Wherever the word "inhabits" turns up in a line of the entries, copy that line.

*-*-*

(* Let $\varphi(\bm x,\bm y,w,\bm z)$ be a $w$-simple Presburger formula (with $\bm u=(\bm x,\bm y,\bm z)$ in the definition below), where $w$ is a single variable and $\bm x,\bm y$ have the same length. Then over $\mathbb{Z}$ the formulas $\exists^{\mathsf{ram}}\bm x,\bm y\colon\exists w\colon\varphi(\bm x,\bm y,w,\bm z)$ and $\exists^{\mathsf{ram}}(\bm x,v_1,v_2),(\bm y,w_1,w_2)\colon\varphi(\bm x,\bm y,v_1+w_2,\bm z)\wedge\bm x\neq\bm y$ are equivalent, where $v_1,v_2,w_1,w_2$ are fresh single variables.
   Context: Work over $\mathbb{Z}$ in the structure $\langle\mathbb{Z};+,<,0,1,(\equiv_e)_{e>0}\rangle$, where the modulo constraint $s\equiv_e t$ holds iff $e$ divides $s-t$. For a vector of variables $\bm u$ and a variable $w$, a formula $\varphi(\bm u,w)$ is $w$-simple if it is a Boolean combination of atoms of the forms $\bm r^\top\bm u+c<w$, $w<\bm r^\top\bm u+c$ (with $\bm r$ an integer vector and $c\in\mathbb{Z}$) and modulo constraints over $\bm u$ and $w$. Ramsey quantifier: $\exists^{\mathsf{ram}}\bm x,\bm y\colon\psi(\bm x,\bm y,\bm z)$ holds for $\bm c$ iff there is an infinite sequence of pairwise distinct integer vectors $(\bm a_i)_{i\ge1}$ with $\psi(\bm a_i,\bm a_j,\bm c)$ for all $i<j$. *)

From mathcomp Require Import all_boot all_order all_algebra.
Set Implicit Arguments. Unset Strict Implicit. Unset Printing Implicit Defensive.
Import Order.TTheory GRing.Theory Num.Theory.
Local Open Scope ring_scope.

Definition zvec (n : nat) := {ffun 'I_n -> int}.

Definition dot (n : nat) (r : 'I_n -> int) (v : zvec n) : int :=
  \sum_(i < n) r i * v i.

Record uterm (k m : nat) := UTerm {
  ut_x : 'I_k -> int; ut_y : 'I_k -> int; ut_z : 'I_m -> int; ut_c : int }.

Definition eval_uterm k m (t : uterm k m) (x y : zvec k) (z : zvec m) : int :=
  dot (ut_x t) x + dot (ut_y t) y + dot (ut_z t) z + ut_c t.

Record uwterm (k m : nat) := UWTerm { uw_u : uterm k m; uw_w : int }.

Definition eval_uwterm k m (t : uwterm k m) (x y : zvec k) (w : int) (z : zvec m)
  : int := eval_uterm (uw_u t) x y z + uw_w t * w.

Inductive wsimple (k m : nat) :=
| WTrue
| WFalse
| WLtW of uterm k m
| WGtW of uterm k m
| WMod of nat & uwterm k m & uwterm k m
| WNot of wsimple k m
| WAnd of wsimple k m & wsimple k m
| WOr of wsimple k m & wsimple k m.

Fixpoint wsimple_wf k m (f : wsimple k m) : Prop :=
  match f with
  | WMod e _ _ => (0 < e)%N
  | WNot g => wsimple_wf g
  | WAnd g h | WOr g h => wsimple_wf g /\ wsimple_wf h
  | _ => True
  end.

Fixpoint eval_ws k m (f : wsimple k m) (x y : zvec k) (w : int) (z : zvec m)
  : Prop :=
  match f with
  | WTrue => True
  | WFalse => False
  | WLtW t => eval_uterm t x y z < w
  | WGtW t => w < eval_uterm t x y z
  | WMod e s t =>
      (e%:Z %| eval_uwterm s x y w z - eval_uwterm t x y w z)%Z
  | WNot g => ~ eval_ws g x y w z
  | WAnd g h => eval_ws g x y w z /\ eval_ws h x y w z
  | WOr g h => eval_ws g x y w z \/ eval_ws h x y w z
  end.

Definition ramsey (D : eqType) (psi : D -> D -> Prop) : Prop :=
  exists a : nat -> D,
    (forall i j : nat, i <> j -> a i <> a j) /\
    (forall i j : nat, (i < j)%N -> psi (a i) (a j)).

(* Along a pair [(x, y)] of the Ramsey sequence, the truth of a w-simple formula
   depends only on the position of [w] relative to the threshold terms
   [t(x, y, z)] and on [w] modulo the product [L] of the moduli.  Hence a witness
   [w] can be moved, inside its cell and residue class, to a value [t + j - L]
   with [t] a threshold term (or [0]) and [0 <= j <= 2L].  Colouring each pair by
   such a choice [(t, j)] uses finitely many colours, so by the infinite Ramsey
   theorem some subsequence is monochromatic.  Along it the witness
   [t(x_i, x_j, z) + j - L] splits as [v1 + w2] with [v1] depending only on
   [x_i] and [w2] only on [x_j].  The converse direction forgets [v1, v2, w1, w2]. *)

From mathcomp Require Import all_boot all_order all_algebra.
From mathcomp Require Import zify ring.
From Stdlib Require Import Classical ClassicalEpsilon.
Set Implicit Arguments. Unset Strict Implicit. Unset Printing Implicit Defensive.
Import GRing.Theory.

Definition infinite (S : nat -> Prop) := forall N, exists2 n, (N <= n)%N & S n.

Lemma infinite_above (S : nat -> Prop) N :
  infinite S -> infinite (fun n => S n /\ (N <= n)%N).
Proof.
move=> infS M; have [n Mn Sn] := infS (maxn M N).
by exists n; [|split] => //; apply: leq_trans Mn; rewrite ?leq_maxl ?leq_maxr.
Qed.

Lemma infinite_pigeonhole (T : eqType) (cs : seq T) (S : nat -> Prop) (f : nat -> T) :
  infinite S -> (forall n, S n -> f n \in cs) ->
  exists2 c, c \in cs & infinite (fun n => S n /\ f n = c).
Proof.
elim: cs S => [|c cs IH] S infS fS; first by have [n _ /fS] := infS 0%N.
have [fibre_c|/not_all_ex_not[N fibre_c]] :=
  classic (infinite (fun n => S n /\ f n = c)); first by exists c; rewrite ?mem_head.
have fS' n : S n /\ (N <= n)%N -> f n \in cs.
  move=> [Sn Nn]; move: (fS n Sn); rewrite inE => /predU1P[fc|//].
  by case: fibre_c; exists n.
have [c' c'cs infS'] := IH _ (infinite_above N infS) fS'.
exists c'; first by rewrite inE c'cs orbT.
by move=> M; have [n Mn [[Sn _] fn]] := infS' M; exists n.
Qed.

Definition elem (S : nat -> Prop) : nat := epsilon (inhabits 0%N) S.

Lemma elemP (S : nat -> Prop) : infinite S -> S (elem S).
Proof. by move=> infS; apply: epsilon_spec; have [n _ Sn] := infS 0%N; exists n. Qed.

Lemma infinite_enum (S : nat -> Prop) : infinite S ->
  exists2 g : nat -> nat, {homo g : i j / (i < j)%N} & forall i, S (g i).
Proof.
move=> infS; pose g := fix g i :=
  if i is i'.+1 then elem (fun n => S n /\ (g i').+1 <= n)%N else elem S.
have g_lt i : (g i < g i.+1)%N by case: (elemP (infinite_above (g i).+1 infS)).
exists g => [|[|i]]; last by case: (elemP (infinite_above (g i).+1 infS)).
- by apply: homo_ltn g_lt => ? ? ?; apply: ltn_trans.
- exact: elemP.
Qed.

Section InfiniteRamsey.
Variables (T : finType) (col : nat -> nat -> T).

Definition colour_fibre (S : nat -> Prop) (c : T) (n : nat) : Prop :=
  S n /\ (elem S < n)%N /\ col (elem S) n = c.

Definition hom_colour (S : nat -> Prop) : T :=
  epsilon (inhabits (col 0 0)) (fun c => infinite (colour_fibre S c)).

Definition shrink (S : nat -> Prop) : nat -> Prop := colour_fibre S (hom_colour S).

Lemma infinite_shrink S : infinite S -> infinite (shrink S).
Proof.
move=> infS; apply: (epsilon_spec _ (fun c => infinite (colour_fibre S c))).
have [c _ infc] := infinite_pigeonhole (cs := enum T) (f := col (elem S))
  (infinite_above (elem S).+1 infS) (fun n _ => mem_enum T _).
by exists c => N; have [n Nn [[Sn lt_n] cn]] := infc N; exists n.
Qed.

Definition nested (i : nat) : nat -> Prop := iter i shrink (fun _ => True).

Lemma infinite_nested i : infinite (nested i).
Proof. by elim: i => [N|i]; [exists N|exact: infinite_shrink]. Qed.

Lemma nested_sub i j n : (i <= j)%N -> nested j n -> nested i n.
Proof.
move/subnK <-; elim: (j - i)%N => [//|d IH].
by rewrite addSn /nested iterS => -[/IH].
Qed.

Lemma nested_elem i j : (i < j)%N ->
  (elem (nested i) < elem (nested j))%N /\
  col (elem (nested i)) (elem (nested j)) = hom_colour (nested i).
Proof.
by move=> lt_ij; case: (nested_sub lt_ij (elemP (infinite_nested j))) => _.
Qed.

Theorem ramsey_pairs : exists2 g : nat -> nat, {homo g : i j / (i < j)%N} &
  exists c, forall i j, (i < j)%N -> col (g i) (g j) = c.
Proof.
have infT : infinite (fun _ => True) by move=> N; exists N.
have [c _ infc] := infinite_pigeonhole (cs := enum T)
  (f := fun i => hom_colour (nested i)) infT (fun n _ => mem_enum T _).
have [h h_mono hc] := infinite_enum infc.
exists (fun i => elem (nested (h i))) => [i j /h_mono/nested_elem[]//|].
by exists c => i j /h_mono/nested_elem[_ ->]; case: (hc i).
Qed.

End InfiniteRamsey.

Local Open Scope ring_scope.

Definition same_cell (s : seq int) (w w' : int) : Prop :=
  {in s, forall u, (u < w) = (u < w') /\ (w < u) = (w' < u)}.

Lemma same_cell_trans s w1 w2 w3 :
  same_cell s w1 w2 -> same_cell s w2 w3 -> same_cell s w1 w3.
Proof. by move=> c12 c23 u us; case: (c12 u us) (c23 u us) => -> -> []. Qed.

Lemma same_cell_cat s1 s2 w w' :
  same_cell (s1 ++ s2) w w' -> same_cell s1 w w' /\ same_cell s2 w w'.
Proof. by move=> c; split=> u us; apply: c; rewrite mem_cat us ?orbT. Qed.

Lemma cell_representative (s : seq int) (L : nat) (w : int) : (0 < L)%N ->
  exists2 v, v \in 0 :: s & exists2 w', `|w' - v| <= L%:Z &
    same_cell s w w' /\ (L%:Z %| w - w')%Z.
Proof.
move=> L_gt0; move: {2}`|w|%N (leqnn `|w|%N) => n.
elim: n w => [|n IH] w w_n;
  have [/hasP[v vs near_v]|/hasPn far] := boolP (has (fun v => `|w - v| <= L%:Z) (0 :: s));
  try by exists v => //; exists w => //; split=> [u _|]; rewrite ?subrr ?dvdz0.
  by have := far 0 (mem_head _ _); lia.
(* [w] is farther than [L] from [0] and from every threshold, so a step of [L]
   towards [0] changes no comparison and strictly decreases [|w|]. *)
pose w1 := if 0 < w then w - L%:Z else w + L%:Z.
have far0 := far 0 (mem_head _ _).
have [|v vs [w' near_w' [cell dvd]]] := IH w1; first by rewrite /w1; case: ifP; lia.
exists v => //; exists w' => //; split.
  apply: same_cell_trans cell => u us; have := far u (@mem_behead _ (0 :: s) u us).
  by rewrite /w1; case: ifP; lia.
have -> : w - w' = (w - w1) + (w1 - w') by ring.
by rewrite rpredD //; apply/dvdzP; exists (if 0 < w then 1 else -1); rewrite /w1; case: ifP; lia.
Qed.

Lemma dvdz_natM (a b : nat) (n : int) :
  ((a * b)%N%:Z %| n)%Z -> (a%:Z %| n)%Z /\ (b%:Z %| n)%Z.
Proof.
rewrite PoszM => dvd; split; apply: dvdz_trans dvd.
  exact: dvdz_mulr (dvdzz _).
exact: dvdz_mull (dvdzz _).
Qed.

Section WSimple.
Variables (k m : nat).
Implicit Types (f : wsimple k m) (x y : zvec k) (z : zvec m).

Fixpoint thresholds f : seq (uterm k m) :=
  match f with
  | WLtW t | WGtW t => [:: t]
  | WNot g => thresholds g
  | WAnd g h | WOr g h => thresholds g ++ thresholds h
  | _ => [::]
  end.

Fixpoint modulus f : nat :=
  match f with
  | WMod e _ _ => e
  | WNot g => modulus g
  | WAnd g h | WOr g h => (modulus g * modulus h)%N
  | _ => 1%N
  end.

Lemma modulus_gt0 f : wsimple_wf f -> (0 < modulus f)%N.
Proof. by elim: f => //= [g IHg h IHh|g IHg h IHh] [/IHg + /IHh]; rewrite muln_gt0 => ->. Qed.

Lemma eval_ws_congr f x y z w w' :
  same_cell [seq eval_uterm t x y z | t <- thresholds f] w w' ->
  ((modulus f)%:Z %| w - w')%Z ->
  eval_ws f x y w z <-> eval_ws f x y w' z.
Proof.
elim: f => //= [t|t|e s t|g IHg|g IHg h IHh|g IHg h IHh] cell dvd.
- by case: (cell _ (mem_head _ _)) => ->.
- by case: (cell _ (mem_head _ _)) => _ ->.
- have -> : eval_uwterm s x y w z - eval_uwterm t x y w z =
      eval_uwterm s x y w' z - eval_uwterm t x y w' z + (uw_w s - uw_w t) * (w - w').
    by rewrite /eval_uwterm; ring.
  by rewrite rpredDr // dvdz_mull.
- by rewrite IHg.
- move: cell dvd; rewrite map_cat => /same_cell_cat[cg ch] /dvdz_natM[dg dh].
  by rewrite IHg // IHh.
- move: cell dvd; rewrite map_cat => /same_cell_cat[cg ch] /dvdz_natM[dg dh].
  by rewrite IHg // IHh.
Qed.

Definition uterm0 : uterm k m := UTerm (fun _ => 0) (fun _ => 0) (fun _ => 0) 0.

Lemma eval_uterm0 x y z : eval_uterm uterm0 x y z = 0.
Proof. by rewrite /eval_uterm /dot !big1 ?addr0 // => i _; rewrite mul0r. Qed.

(* The colour [(l, j)] names the candidate witness [t_l + j - L], where [t_0] is
   the zero term and [t_(i+1)] the [i]-th threshold. *)
Definition colour f := ('I_(size (thresholds f)).+1 * 'I_(modulus f).*2.+1)%type.

Definition colour_term f (c : colour f) : uterm k m :=
  nth uterm0 (uterm0 :: thresholds f) c.1.

Definition colour_witness f (c : colour f) x y z : int :=
  eval_uterm (colour_term c) x y z + c.2%:Z - (modulus f)%:Z.

Definition witness_left f (c : colour f) x z : int :=
  dot (ut_x (colour_term c)) x + dot (ut_z (colour_term c)) z
    + ut_c (colour_term c) + c.2%:Z - (modulus f)%:Z.

Definition witness_right f (c : colour f) y : int := dot (ut_y (colour_term c)) y.

Lemma colour_witness_split f (c : colour f) x y z :
  colour_witness c x y z = witness_left c x z + witness_right c y.
Proof. by rewrite /colour_witness /witness_left /witness_right /eval_uterm; ring. Qed.

Lemma exists_colour_witness f x y z w : wsimple_wf f -> eval_ws f x y w z ->
  exists c : colour f, eval_ws f x y (colour_witness c x y z) z.
Proof.
move=> wf fw; pose ev t := eval_uterm t x y z; pose T0 := uterm0 :: thresholds f.
have [v v_in [w' near [cell dvd]]] :=
  cell_representative (map ev (thresholds f)) w (modulus_gt0 wf).
have v_T0 : v \in map ev T0 by rewrite /= /ev eval_uterm0.
have l_lt : (index v (map ev T0) < (size (thresholds f)).+1)%N.
  by rewrite -[X in (_ < X)%N](size_map ev T0) index_mem.
have j_lt : (absz (w' - v + (modulus f)%:Z)%R < (modulus f).*2.+1)%N by lia.
exists (Ordinal l_lt, Ordinal j_lt).
have -> : colour_witness (Ordinal l_lt, Ordinal j_lt) x y z = w'.
  rewrite /colour_witness /colour_term /= -/(ev _) -(nth_map uterm0 0) ?nth_index //.
  lia.
exact: (eval_ws_congr cell dvd).1.
Qed.

End WSimple.

Corollary ramsey_pairs_rel (T : finType) (P : nat -> nat -> T -> Prop) :
  (forall i j, (i < j)%N -> exists c, P i j c) ->
  exists2 g : nat -> nat, {homo g : i j / (i < j)%N} &
    exists c, forall i j, (i < j)%N -> P (g i) (g j) c.
Proof.
move=> P_ex; have [c0 _] := P_ex 0%N 1%N isT.
have [g g_mono [c g_col]] := ramsey_pairs (fun i j => epsilon (inhabits c0) (P i j)).
exists g => //; exists c => i j lt_ij; rewrite -(g_col i j lt_ij).
exact: epsilon_spec (P_ex _ _ (g_mono _ _ lt_ij)).
Qed.

Section Elimination.
Variables (k m : nat) (phi : wsimple k m) (z : zvec m).

Let exists_witness (x y : zvec k) : Prop := exists w, eval_ws phi x y w z.

Let split_witness (p q : zvec k * int * int) : Prop :=
  let: (x, v1, v2) := p in let: (y, w1, w2) := q in
  eval_ws phi x y (v1 + w2) z /\ x <> y.

Lemma ramsey_split_witness : ramsey split_witness -> ramsey exists_witness.
Proof.
case=> b [_ b_rel].
have b_split i j : (i < j)%N -> eval_ws phi (b i).1.1 (b j).1.1 ((b i).1.2 + (b j).2) z
    /\ (b i).1.1 <> (b j).1.1.
  by move=> /b_rel; case: (b i) => [[? ?] ?]; case: (b j) => [[? ?] ?].
exists (fun i => (b i).1.1); split=> i j; last by case/b_split => phi_ij _; exists ((b i).1.2 + (b j).2).
by case: (ltngtP i j) => [/b_split[_ ne] _|/b_split[_ ne] _ /esym|->].
Qed.

Hypothesis phi_wf : wsimple_wf phi.

Lemma ramsey_exists_witness : ramsey exists_witness -> ramsey split_witness.
Proof.
case=> a [a_inj a_rel].
have colour_ex i j : (i < j)%N ->
    exists c : colour phi, eval_ws phi (a i) (a j) (colour_witness c (a i) (a j) z) z.
  by case/a_rel => w; apply: exists_colour_witness.
have [g g_mono [c g_col]] := ramsey_pairs_rel colour_ex.
have ag_inj i j : i <> j -> a (g i) <> a (g j).
  move=> ne_ij; apply: a_inj => e.
  by case: (ltngtP i j) ne_ij => [/g_mono|/g_mono|->//]; rewrite e ltnn.
exists (fun i => (a (g i), witness_left c (a (g i)) z, witness_right c (a (g i)))).
split=> [i j ne_ij [e _ _]|i j lt_ij /=]; first exact: ag_inj ne_ij e.
split; last by apply: ag_inj => e; rewrite e ltnn in lt_ij.
by rewrite -colour_witness_split; apply: g_col.
Qed.

End Elimination.

Theorem mainTheorem4 (k m : nat) (phi : wsimple k m) (z : zvec m) :
  wsimple_wf phi ->
  (ramsey (fun x y : zvec k => exists w : int, eval_ws phi x y w z)
   <->
   ramsey (fun p q : zvec k * int * int =>
             let: (x, v1, v2) := p in
             let: (y, w1, w2) := q in
             eval_ws phi x y (v1 + w2) z /\ x <> y)).
Proof.
by move=> phi_wf; split; [exact: ramsey_exists_witness|exact: ramsey_split_witness].
Qed.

*-*-*

▸ Response to this task:
Definition elem (S : nat -> Prop) : nat := epsilon (inhabits 0%N) S.
  epsilon (inhabits (col 0 0)) (fun c => infinite (colour_fibre S c)).
have [g g_mono [c g_col]] := ramsey_pairs (fun i j => epsilon (inhabits c0) (P i j)).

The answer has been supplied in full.